Take the records below and print them verbatim up to and including the line that carries "Definition is_s (alpha".

## Data for this exercise
____________

(* Let $T$ be a valid set such that there is a unique pair $(\alpha',\beta')\in T$ with $\gamma_{\alpha',\beta'}=\Gamma_T$. Then $n^{-1}|\mathcal{E}_T(\{(\alpha',\beta')\})\cap[n]|\to1$ as $n\to\infty$; that is, almost every $n$ has $\mathcal{S}_T(n)=\{(\alpha',\beta')\}$.
   Context: For relatively prime positive integers $\alpha,\beta$ and positive integers $a_1,a_2$, the $(\alpha,\beta)$-walk $w^{\alpha,\beta}_k(a_1,a_2)$ is given by $w_1=a_1$, $w_2=a_2$, $w_{k+2}=\alpha w_{k+1}+\beta w_k$ ($k\ge1$). For a positive integer $n$, $s^{\alpha,\beta}(n;a_1,a_2)$ is the (largest) index $s$ with $w^{\alpha,\beta}_s(a_1,a_2)=n$ ($-\infty$ if none), and $s^{\alpha,\beta}(n)=\max_{a_1,a_2\ge1}s^{\alpha,\beta}(n;a_1,a_2)$. $\gamma_{\alpha,\beta}=\frac12(\alpha+\sqrt{\alpha^2+4\beta})$. A set $T$ is valid if $T\subseteq\{(\alpha,\beta):\alpha,\beta\ge1,\gcd(\alpha,\beta)=1\}$. For valid $T$: $\bar s_T(n)=\max_{(\alpha,\beta)\in T}s^{\alpha,\beta}(n)$, $\mathcal{S}_T(n)=\{(\alpha,\beta)\in T:s^{\alpha,\beta}(n)=\bar s_T(n)\}$, $\Gamma_T=\min\{\gamma_{\alpha,\beta}:(\alpha,\beta)\in T\}$, and for a set $S$ of pairs $\mathcal{E}_T(S)=\{n\ge1:S=\mathcal{S}_T(n)\}$. $[n]=\{1,\dots,n\}$. *)

From HB Require Import structures.
From mathcomp Require Import all_boot all_order all_algebra.
From mathcomp Require Import all_classical all_reals all_analysis.
Set Implicit Arguments. Unset Strict Implicit. Unset Printing Implicit Defensive.
Import Order.TTheory GRing.Theory Num.Theory.

(* (w_{k+1}, w_{k+2}) of the (alpha,beta)-walk starting at a1, a2. *)
Fixpoint walk_pair (alpha beta a1 a2 : nat) (k : nat) : nat * nat :=
  match k with
  | 0 => (a1, a2)
  | k'.+1 => let: (x, y) := walk_pair alpha beta a1 a2 k' in
             (y, (alpha * y + beta * x)%N)
  end.

(* walk alpha beta a1 a2 k = w^{alpha,beta}_k(a1,a2) for k >= 1
   (w_1 = a1, w_2 = a2, w_{k+2} = alpha w_{k+1} + beta w_k). *)
Definition walk (alpha beta a1 a2 k : nat) : nat :=
  (walk_pair alpha beta a1 a2 k.-1).1.

(* is_s alpha beta n m  :<->  s^{alpha,beta}(n) = m, i.e. m is the largest
   index k >= 1 such that w_k(a1,a2) = n for some a1, a2 >= 1. *)
Definition is_s (alpha beta n m : nat) : Prop :=
  (exists a1 a2, [/\ 1 <= a1, 1 <= a2, 1 <= m & walk alpha beta a1 a2 m = n])
  /\ (forall a1 a2 k, 1 <= a1 -> 1 <= a2 -> 1 <= k ->
        walk alpha beta a1 a2 k = n -> k <= m)%N.

Definition valid (T : set (nat * nat)) : Prop :=
  forall p, T p -> [/\ 1 <= p.1, 1 <= p.2 & coprime p.1 p.2]%N.

(* is_sbar T n m  :<->  \bar s_T(n) = m  (max over T of s^{alpha,beta}(n)). *)
Definition is_sbar (T : set (nat * nat)) (n m : nat) : Prop :=
  (exists p, T p /\ is_s p.1 p.2 n m)
  /\ (forall p m', T p -> is_s p.1 p.2 n m' -> m' <= m)%N.

Definition in_S (T : set (nat * nat)) (n : nat) (p : nat * nat) : Prop :=
  T p /\ exists m, is_sbar T n m /\ is_s p.1 p.2 n m.

Definition in_E (T : set (nat * nat)) (S : set (nat * nat)) (n : nat) : Prop :=
  (1 <= n)%N /\ (forall p, S p <-> in_S T n p).

Definition gamma {R : realType} (p : nat * nat) : R :=
  (p.1%:R + Num.sqrt (p.1%:R ^+ 2 + 4 * p.2%:R)) / 2.

Definition count_E (T S : set (nat * nat)) (n : nat) : nat :=
  (\sum_(1 <= i < n.+1 | `[< in_E T S i >]) 1)%N.

(* Let g = gamma p'.  For a pair p let U_j, V_j be the walks of p started at
   (1, 0) and (0, 1): every walk satisfies w_{j+1}(a1, a2) = a1 U_j + a2 V_j,
   U_j and V_j are coprime, and U_j, V_j <= gamma(p)^j.  Given N and eps > 0,
   pick j with g^(2j) ~ eps N.  By the Frobenius coin bound, every n > U_j V_j
   (which excludes at most eps N of the n <= N) is a walk value of p' at index j.
   A pair q with gamma q >= g^3 has no walk value <= N at index j, and each of
   the finitely many other q <> p' in T, all with gamma q > g, takes at most
   N^2 / (U_j V_j) = O(N (g / gamma q)^(2j) / eps) = o(N) such values.  For any
   other n <= N, every q <> p' has s^q(n) <= j < s^p'(n), so S_T(n) = {p'}. *)

From HB Require Import structures.
From mathcomp Require Import all_boot all_order all_algebra.
From mathcomp Require Import all_classical all_reals all_analysis.
From mathcomp Require Import zify ring lra.
Set Implicit Arguments. Unset Strict Implicit. Unset Printing Implicit Defensive.
Import Order.TTheory GRing.Theory Num.Theory.
Import numFieldNormedType.Exports.
Local Open Scope classical_set_scope.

____________

## Solution for this task
(* Let $T$ be a valid set such that there is a unique pair $(\alpha',\beta')\in T$ with $\gamma_{\alpha',\beta'}=\Gamma_T$. Then $n^{-1}|\mathcal{E}_T(\{(\alpha',\beta')\})\cap[n]|\to1$ as $n\to\infty$; that is, almost every $n$ has $\mathcal{S}_T(n)=\{(\alpha',\beta')\}$.
   Context: For relatively prime positive integers $\alpha,\beta$ and positive integers $a_1,a_2$, the $(\alpha,\beta)$-walk $w^{\alpha,\beta}_k(a_1,a_2)$ is given by $w_1=a_1$, $w_2=a_2$, $w_{k+2}=\alpha w_{k+1}+\beta w_k$ ($k\ge1$). For a positive integer $n$, $s^{\alpha,\beta}(n;a_1,a_2)$ is the (largest) index $s$ with $w^{\alpha,\beta}_s(a_1,a_2)=n$ ($-\infty$ if none), and $s^{\alpha,\beta}(n)=\max_{a_1,a_2\ge1}s^{\alpha,\beta}(n;a_1,a_2)$. $\gamma_{\alpha,\beta}=\frac12(\alpha+\sqrt{\alpha^2+4\beta})$. A set $T$ is valid if $T\subseteq\{(\alpha,\beta):\alpha,\beta\ge1,\gcd(\alpha,\beta)=1\}$. For valid $T$: $\bar s_T(n)=\max_{(\alpha,\beta)\in T}s^{\alpha,\beta}(n)$, $\mathcal{S}_T(n)=\{(\alpha,\beta)\in T:s^{\alpha,\beta}(n)=\bar s_T(n)\}$, $\Gamma_T=\min\{\gamma_{\alpha,\beta}:(\alpha,\beta)\in T\}$, and for a set $S$ of pairs $\mathcal{E}_T(S)=\{n\ge1:S=\mathcal{S}_T(n)\}$. $[n]=\{1,\dots,n\}$. *)

From HB Require Import structures.
From mathcomp Require Import all_boot all_order all_algebra.
From mathcomp Require Import all_classical all_reals all_analysis.
Set Implicit Arguments. Unset Strict Implicit. Unset Printing Implicit Defensive.
Import Order.TTheory GRing.Theory Num.Theory.

(* (w_{k+1}, w_{k+2}) of the (alpha,beta)-walk starting at a1, a2. *)
Fixpoint walk_pair (alpha beta a1 a2 : nat) (k : nat) : nat * nat :=
  match k with
  | 0 => (a1, a2)
  | k'.+1 => let: (x, y) := walk_pair alpha beta a1 a2 k' in
             (y, (alpha * y + beta * x)%N)
  end.

(* walk alpha beta a1 a2 k = w^{alpha,beta}_k(a1,a2) for k >= 1
   (w_1 = a1, w_2 = a2, w_{k+2} = alpha w_{k+1} + beta w_k). *)
Definition walk (alpha beta a1 a2 k : nat) : nat :=
  (walk_pair alpha beta a1 a2 k.-1).1.

(* is_s alpha beta n m  :<->  s^{alpha,beta}(n) = m, i.e. m is the largest
   index k >= 1 such that w_k(a1,a2) = n for some a1, a2 >= 1. *)
Definition is_s (alpha beta n m : nat) : Prop :=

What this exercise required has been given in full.